Ragam

Diawasi Perguruan Tinggi, 81 Peserta Ikuti Seleksi Ujian Perangakat Desa di Kanor

amunisinews001
7
×

Diawasi Perguruan Tinggi, 81 Peserta Ikuti Seleksi Ujian Perangakat Desa di Kanor

Sebarkan artikel ini
img 20260723 094533

BOJONEGORO – Seleksi ujian calon perangkat desa untuk mengisi lima formasi jabatan di empat desa di Kecamatan Kanor, Kabupaten Bojonegoro, digelar di SMP Negeri 1 Kanor, Sebanyak 81 peserta mengikuti tahapan seleksi yang dilaksanakan dengan pengawasan pihak ketiga dari sejumlah perguruan tinggi.Kamis (23/07/2026)
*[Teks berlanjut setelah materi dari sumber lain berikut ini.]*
Lemma card_monic_deg_eqU_coprime D k (P : {poly F}) :
  monic_deg D P -> coprimep P (sigma P) ->
  (#|[set x : {poly_N F} | monic_deg D (val x) && eqU k P (val x)]|
     <= #|F| ^ (D - (minn D.*2 k)./2))%N.
Proof.
move=> mP coprimeP; rewrite -[X in (_ ^ (X - _))%N]doubleK -card_ord_odd_geq.
pose g (x : {poly_N F}) := P * sigma (val x) - val x * sigma P.
apply: (@card_le_coords _ _ _ _ [pred i : 'I_D.*2 | odd i && (k <= i)%N]
          (fun x i => (g x)`_i)).
move=> x y; rewrite !inE => /andP[mx Ux] /andP[my Uy] eq_coef.
apply/val_inj/eqP; rewrite -subr_eq0; apply/eqP; set d := val x - val y.
set h := P * sigma d - d * sigma P.
have h_eq : h = g x - g y by rewrite /h /d /g sigmaB; ring.
have sigma_h : sigma h = - h by rewrite /h sigmaB !sigmaM !sigmaK; ring.
have dvd_h : 'X^k %| h by rewrite h_eq dvdp_sub.
have size_d : (size d <= D)%N := size_monic_degB mx my.
have /andP[_ /eqP size_P] := mP.
have size_h : (size h <= D.*2)%N.
  rewrite /h; apply: (leq_trans (size_polyD _ _)); rewrite size_polyN geq_max.
  by rewrite !(leq_trans (size_polyMleq _ _)) // size_sigma size_P
       ?addnS ?addSn -addnn ?leq_add2l ?leq_add2r.
have h_eq0 : h = 0.
  apply: (poly_coefs_eq0 size_h) => i lt_i2D.
  have [odd_i|even_i] := boolP (odd i); last exact: coef_sigma_antifixed.
  have [lt_ik|le_ki] := ltnP i k; first exact: dvdXn_coef dvd_h lt_ik.
  by rewrite h_eq coefB (eq_coef (Ordinal lt_i2D)) ?subrr // inE odd_i.
have : P %| d * sigma P.
  by apply/dvdpP; exists (sigma d); apply/eqP; rewrite eq_sym mulrC -subr_eq0 -/h h_eq0.
rewrite Gauss_dvdpl // => P_dvd_d; apply/eqP; apply: contraT => d_neq0.
by have := dvdp_leq d_neq0 P_dvd_d; rewrite size_P ltnNge size_d.
Qed.
(* Layer-cake representation: with [u] uniform on [0,1], the 0/1 point
   [i |-> 1 (al i <= u < be i)] has mean [be - al], and the product of two
   coordinates has mean the length of the intersection of the intervals.
   Sorting all endpoints makes [u] a finite mixture. *)
Lemma interval_point_in_convB n E a x (al be : nat -> R) :
  is_graph n E ->
  (forall i, (i < n)%nat -> 0 <= al i <= be i /\ be i <= 1) ->
  (forall i, (i < n)%nat -> x i = be i - al i) ->
  in_convB n E a x (lsum (fun e => a (fst e) (snd e) *
    Rmax 0 (Rmin (be (fst e)) (be (snd e)) - Rmax (al (fst e)) (al (snd e)))) E).
Proof.
  intros [_ HE] Hab Hx.
  set (L := rsort (endpoints al be n)).
  set (P := chain_steps 0 L).
  assert (HL : chain_sorted 0 L)
    by (apply rsort_sorted; intros v Hv; apply (endpoints_bounds al be n Hab v Hv)).
  assert (HLin : forall i, (i < n)%nat -> In (al i) (0 :: L) /\ In (be i) (0 :: L)).
  { intros i Hi. unfold L. destruct (endpoints_In al be n i Hi).
    split; right; apply In_rsort; assumption. }
  assert (Hlast : chain_last 0 L = 1).
  { apply Rle_antisym.
    - destruct (chain_last_In L 0) as [->|Hi]; [lra|].
      apply (In_rsort (endpoints al be n)) in Hi. exact (proj2 (endpoints_bounds al be n Hab _ Hi)).
    - apply chain_last_ge; auto. right. apply In_rsort, endpoints_1. }
  set (ind := fun i u => ind_Ico (al i) (be i) u).
  exists (length P), (fun k => snd (nth k P (0, 0)) - fst (nth k P (0, 0))),
    (fun k i => ind i (fst (nth k P (0, 0)))).
  split; [|split; [|split; [|split]]].
  - intros k Hk. pose proof (chain_steps_le L 0 _ HL (nth_In P (0, 0) Hk)). lra.
  - rewrite (sumR_nth_lsum (0, 0) P (fun st => snd st - fst st)).
    unfold P. rewrite lsum_chain_steps_length, Hlast. lra.
  - intros k _ i _. unfold ind, ind_Ico, ind_lt.
    destruct (Rle_dec _ _); [destruct (Rlt_dec _ _)|]; lra.
  - intros i Hi.
    rewrite (sumR_nth_lsum (0, 0) P (fun st => (snd st - fst st) * ind i (fst st))).
    unfold P, ind. destruct (HLin i Hi). rewrite lsum_chain_steps_Ico by assumption.
    rewrite Hx by auto. destruct (Hab i Hi). unfold Rmax. destruct (Rle_dec _ _); lra.
  - set (g := fun st => (snd st - fst st) *
      lsum (fun e => a (fst e) (snd e) * ind (fst e) (fst st) * ind (snd e) (fst st)) E).
    transitivity (lsum g P); [|symmetry; exact (sumR_nth_lsum (0, 0) P g)].
    unfold g, P. rewrite (lsum_exchange (fun st => snd st - fst st)).
    apply lsum_ext. intros [i j] Hij. destruct (HE i j Hij) as [Hi Hj]. simpl fst; simpl snd.
    rewrite (lsum_ext _ (fun st => a i j * ((snd st - fst st) *
      ind_Ico (Rmax (al i) (al j)) (Rmin (be i) (be j)) (fst st)))).
    + rewrite lsum_scal, lsum_chain_steps_Ico; auto.
      * unfold Rmax. destruct (Rle_dec _ _); apply HLin; lia.
      * unfold Rmin. destruct (Rle_dec _ _); apply HLin; lia.
    + intros st _. unfold ind. rewrite <- ind_Ico_mul. ring.
Qed.

(** * McCormick widths and sign-vector points *)

Definition mc_upper (x : nat -> R) (e : nat * nat) : R := Rmin (x (fst e)) (x (snd e)).
Definition mc_lower (x : nat -> R) (e : nat * nat) : R := Rmax 0 (x (fst e) + x (snd e) - 1).
Definition mc_coef (a : nat -> nat -> R) (x : nat -> R) (e : nat * nat) : R :=
  a (fst e) (snd e) * (mc_upper x e - mc_lower x e).

Lemma mc_value_sub_le n E a x y y' : in_P n E x y -> in_P n E x y' ->
  fold_right (fun e acc => a (fst e) (snd e) * y (fst e) (snd e) + acc) 0 E -
  fold_right (fun e acc => a (fst e) (snd e) * y' (fst e) (snd e) + acc) 0 E <=
  lsum (fun e => Rabs (mc_coef a x e)) E.
Proof.
  intros [_ HP] [_ HP'].
  change (lsum (fun e => a (fst e) (snd e) * y (fst e) (snd e)) E -
          lsum (fun e => a (fst e) (snd e) * y' (fst e) (snd e)) E <= lsum (fun e => Rabs (mc_coef a x e)) E).
  rewrite <- lsum_sub. apply lsum_le. intros [i j] Hij.
  specialize (HP i j Hij). specialize (HP' i j Hij).
  unfold mc_coef, mc_upper, mc_lower. simpl. rewrite Rabs_mult.
  assert (Hy : Rmax 0 (x i + x j - 1) <= y i j <= Rmin (x i) (x j) /\
               Rmax 0 (x i + x j - 1) <= y' i j <= Rmin (x i) (x j)).
  { unfold Rmax, Rmin. destruct (Rle_dec 0 _), (Rle_dec (x i) (x j)); lra. }
  rewrite (Rabs_right (Rmin (x i) (x j) - Rmax 0 (x i + x j - 1))) by lra.
  destruct (Rcase_abs (a i j)); [rewrite Rabs_left by lra|rewrite Rabs_right by lra]; nra.
Qed.

(* On an edge the value is the upper McCormick bound if the two signs agree
   and the lower one if they differ. *)
Definition sign_value (E : list (nat * nat)) (a : nat -> nat -> R) (x sg : nat -> R) : R :=
  lsum (fun e => a (fst e) (snd e) *
    ((mc_upper x e + mc_lower x e) / 2 + (mc_upper x e - mc_lower x e) * sg (fst e) * sg (snd e) / 2)) E.

(* A coordinate with sign +1 uses the interval [0, x_i), one with sign -1 the
   interval [1 - x_i, 1). *)
Lemma sign_value_in_convB n E a x sg :
  is_graph n E -> in_box n x -> is_sign_vector n sg -> in_convB n E a x (sign_value E a x sg).
Proof.
  intros HG Hx Hsg.
  set (al := fun i => if Rle_dec 0 (sg i) then 0 else 1 - x i).
  set (be := fun i => if Rle_dec 0 (sg i) then x i else 1).
  replace (sign_value E a x sg) with (lsum (fun e => a (fst e) (snd e) *
    Rmax 0 (Rmin (be (fst e)) (be (snd e)) - Rmax (al (fst e)) (al (snd e)))) E).
  - apply interval_point_in_convB; auto.
    + intros i Hi. specialize (Hx i Hi). unfold al, be. destruct (Rle_dec 0 (sg i)); lra.
    + intros i Hi. unfold al, be. destruct (Rle_dec 0 (sg i)); lra.
  - apply lsum_ext. intros [i j] Hij. destruct (proj2 HG i j Hij) as [Hi Hj].
    destruct (Hx i ltac:(lia)), (Hx j Hj). simpl. f_equal.
    unfold al, be, mc_upper, mc_lower. simpl.
    destruct (Hsg i ltac:(lia)) as [-> | ->], (Hsg j Hj) as [-> | ->];
    repeat match goal with |- context [Rle_dec 0 ?v] => destruct (Rle_dec 0 v); try lra end;
    unfold Rmax, Rmin;
    repeat match goal with
           | |- context [Rle_dec ?u ?v] => destruct (Rle_dec u v)
           | H : context [Rle_dec ?u ?v] |- _ => destruct (Rle_dec u v)
           end; lra.
Qed.

Lemma sign_value_sub_polar E a x (A B : nat -> R) :
  sign_value E a x (fun i => A i + B i) - sign_value E a x (fun i => - A i + B i) =
  lsum (fun e => mc_coef a x e * (A (fst e) * B (snd e) + A (snd e) * B (fst e))) E.
Proof. unfold sign_value. rewrite <- lsum_sub. apply lsum_ext. intros e _. unfold mc_coef. field. Qed.

(** * The symmetric matrix of an edge weighting *)

Definition pick (e : nat * nat) (i j : nat) (r : R) : R :=
  if (fst e =? i) && (snd e =? j) then r else 0.

Lemma pick_same i j r : pick (i, j) i j r = r.
Proof. unfold pick. simpl. now rewrite !Nat.eqb_refl. Qed.

Lemma pick_other e i j r : e <> (i, j) -> pick e i j r = 0.
Proof.
  intros Hne. destruct e as [p q]. unfold pick. simpl.
  destruct (Nat.eqb_spec p i), (Nat.eqb_spec q j); subst; simpl; congruence.
Qed.

Lemma pick_swap e i j r : pick e j i r = pick (snd e, fst e) i j r.
Proof. unfold pick. simpl. now rewrite andb_comm. Qed.

Lemma sumR_sumR_pick n M e r : (fst e < n)%nat -> (snd e < n)%nat ->
  sumR n (fun i => sumR n (fun j => M i j * pick e i j r)) = r * M (fst e) (snd e).
Proof.
  destruct e as [p q]. unfold pick. simpl. intros Hp Hq.
  rewrite (sumR_ext n _ (fun i => if p =? i then r * M i q else 0)).
  - exact (sumR_delta n p (fun i => r * M i q) Hp).
  - intros i _. destruct (p =? i); simpl.
    + rewrite (sumR_ext n _ (fun j => if q =? j then r * M i j else 0)).
      * exact (sumR_delta n q (fun j => r * M i j) Hq).
      * intros j _. destruct (q =? j); ring.
    + apply sumR_eq0. intros; ring.
Qed.

Lemma lsum_pick_notin E (c : nat * nat -> R) i j :
  ~ In (i, j) E -> lsum (fun e => pick e i j (c e)) E = 0.
Proof.
  intros Hn. rewrite (lsum_ext _ (fun _ => 0 * 0)).
  - rewrite lsum_scal. ring.
  - intros e He. rewrite pick_other by (intros ->; auto). ring.
Qed.

Lemma lsum_pick_NoDup E (c : nat * nat -> R) i j :
  NoDup E -> In (i, j) E -> lsum (fun e => pick e i j (c e)) E = c (i, j).
Proof.
  induction E as [|e E IH]; intros HND Hin; [destruct Hin|].
  inversion HND as [|e' E' HeE HND']; subst. rewrite lsum_cons.
  destruct Hin as [->|Hin].
  - rewrite pick_same, lsum_pick_notin by auto. ring.
  - rewrite pick_other, IH by (auto; intros ->; auto). ring.
Qed.

Definition sym_coef (E : list (nat * nat)) (c : nat * nat -> R) (i j : nat) : R :=
  lsum (fun e => pick e i j (c e) + pick e j i (c e)) E.

Lemma sumR_lsum {A} m (f : nat -> A -> R) (l : list A) :
  sumR m (fun i => lsum (f i) l) = lsum (fun e => sumR m (fun i => f i e)) l.
Proof.
  induction l as [|e l IH]; simpl.
  - apply sumR_eq0. reflexivity.
  - rewrite sumR_add. unfold lsum in *. rewrite IH. reflexivity.
Qed.

Lemma sumR_sumR_sym_coef n E c M :
  (forall e, In e E -> (fst e < n)%nat /\ (snd e < n)%nat) ->
  sumR n (fun i => sumR n (fun j => M i j * sym_coef E c i j)) =
  lsum (fun e => c e * (M (fst e) (snd e) + M (snd e) (fst e))) E.
Proof.
  intros HE. unfold sym_coef.
  rewrite (sumR_ext n _ (fun i => lsum (fun e => sumR n (fun j => M i j * (pick e i j (c e) + pick e j i (c e)))) E))
    by (intros i _; rewrite <- sumR_lsum; apply sumR_ext; intros j _; rewrite <- lsum_scal; reflexivity).
  rewrite sumR_lsum. apply lsum_ext. intros e He. destruct (HE e He).
  rewrite (sumR_ext n _ (fun i => sumR n (fun j => M i j * pick e i j (c e)) +
                                  sumR n (fun j => M i j * pick (snd e, fst e) i j (c e))))
    by (intros i _; rewrite <- sumR_add; apply sumR_ext; intros j _; rewrite (pick_swap e i j); ring).
  rewrite sumR_add, !sumR_sumR_pick by (simpl; auto). simpl. ring.
Qed.

Lemma sym_coef_edge E c i j : NoDup E -> (forall e, In e E -> (fst e < snd e)%nat) ->
  In (i, j) E -> sym_coef E c i j = c (i, j).
Proof.
  intros HND Hord Hij. unfold sym_coef.
  assert (Hji : ~ In (j, i) E)
    by (intros Hji; pose proof (Hord _ Hij); pose proof (Hord _ Hji); simpl in *; lia).
  rewrite lsum_add, lsum_pick_NoDup, lsum_pick_notin by auto. ring.
Qed.

Definition offdiag (i j : nat) : R := if i =? j then 0 else 1.

(* Test against the sign pattern of the upper triangle. *)
Lemma lsum_abs_le_sym_coef n E c : is_graph n E ->
  lsum (fun e => Rabs (c e)) E <=
  sumR n (fun i => sumR n (fun j => offdiag i j * Rabs (sym_coef E c i j))).
Proof.
  intros [HND HE].
  assert (Hord : forall e, In e E -> (fst e < snd e)%nat /\ (snd e < n)%nat)
    by (intros [i j] Hij; exact (HE i j Hij)).
  set (sgn := fun i j => if i <? j then (if Rle_dec 0 (sym_coef E c i j) then 1 else -1) else 0).
  apply Rle_trans with (sumR n (fun i => sumR n (fun j => sgn i j * sym_coef E c i j))).
  - rewrite sumR_sumR_sym_coef by (intros e He; destruct (Hord e He); lia).
    right. apply lsum_ext. intros [i j] Hij. destruct (HE i j Hij) as [Hlt _].
    unfold sgn. simpl. rewrite sym_coef_edge by (auto; intros; apply Hord; auto).
    destruct (Nat.ltb_spec i j), (Nat.ltb_spec j i); try lia.
    destruct (Rle_dec 0 (c (i, j))); [rewrite Rabs_right by lra|rewrite Rabs_left by lra]; ring.
  - apply sumR_le. intros i _. apply sumR_le. intros j _. unfold sgn, offdiag.
    pose proof (Rabs_pos (sym_coef E c i j)).
    destruct (Nat.eqb_spec i j), (Nat.ltb_spec i j); try lia; try lra.
    destruct (Rle_dec 0 _); [rewrite Rabs_right|rewrite Rabs_left]; lra.
Qed.

(** * Decoupling *)

Definition ind_pos (t : nat -> R) (i : nat) : R := (1 + t i) / 2.
Definition ind_neg (t : nat -> R) (i : nat) : R := (1 - t i) / 2.

Lemma ind_pos_neg_ge0 t i : t i = 1 \/ t i = -1 -> 0 <= ind_pos t i /\ 0 <= ind_neg t i.
Proof. unfold ind_pos, ind_neg. intros [-> | ->]; lra. Qed.

Lemma sign_avg_ind_pos_neg n i j : (i < n)%nat -> (j < n)%nat ->
  sign_avg n (fun t => ind_pos t i * ind_neg t j) = offdiag i j / 4.
Proof.
  intros Hi Hj.
  rewrite (sign_avg_ext n _ (fun t => 1 / 4 + (1 / 4 * t i - (1 / 4 * t j + 1 / 4 * (t i * t j)))))
    by (intros t _; unfold ind_pos, ind_neg; field).
  rewrite sign_avg_add, sign_avg_sub, sign_avg_add, !sign_avg_scal, sign_avg_const,
    !sign_avg_coord, sign_avg_coord_mul by auto.
  unfold offdiag. destruct (i =? j); lra.
Qed.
Pelaksanaan ujian berlangsung menggunakan dua metode, yakni Computer Assisted Test (CAT) dan sistem manual bank soal, sesuai kebijakan masing-masing pemerintah desa.

Tiga desa yang menerapkan sistem CAT adalah Desa Kedungprimpen, Desa Nglarangan, dan Desa Sumberwangi. Sementara Desa Tambahrejo melaksanakan seleksi menggunakan sistem manual dengan bank soal yang disusun oleh perguruan tinggi pendamping.

Di Desa Kedungprimpen, seleksi dibuka untuk formasi Kepala Seksi Pelayanan dengan jumlah peserta sebanyak 12 orang. Pelaksanaan ujian menggandeng Universitas Wisnuwardhana Malang sebagai pihak ketiga.

Sementara itu, Desa Nglarangan membuka lowongan Kepala Urusan Umum dan Tata Usaha yang diikuti tiga peserta. Proses seleksi didampingi oleh Universitas Brawijaya Malang.

Jumlah peserta terbanyak terdapat di Desa Tambahrejo. Sebanyak 34 peserta bersaing memperebutkan formasi Kepala Seksi Pelayanan, dengan penyelenggaraan ujian didampingi Universitas Negeri Malang melalui sistem manual bank soal.

Adapun Desa Sumberwangi membuka dua formasi sekaligus, yakni Kepala Urusan Keuangan yang diikuti 17 peserta serta Kepala Dusun dengan 15 peserta. Seleksi di desa tersebut menggandeng Universitas Islam Negeri Sunan Ampel Surabaya sebagai pihak ketiga.

Selama pelaksanaan ujian, situasi berlangsung aman dan kondusif. Pengamanan dilakukan secara terpadu oleh personel Polsek Kanor bersama Koramil Kanor, sementara jalannya seleksi dipantau langsung oleh jajaran Forum Koordinasi Pimpinan Kecamatan (Forkopimca) Kanor untuk memastikan seluruh tahapan berlangsung tertib, aman, dan sesuai prosedur.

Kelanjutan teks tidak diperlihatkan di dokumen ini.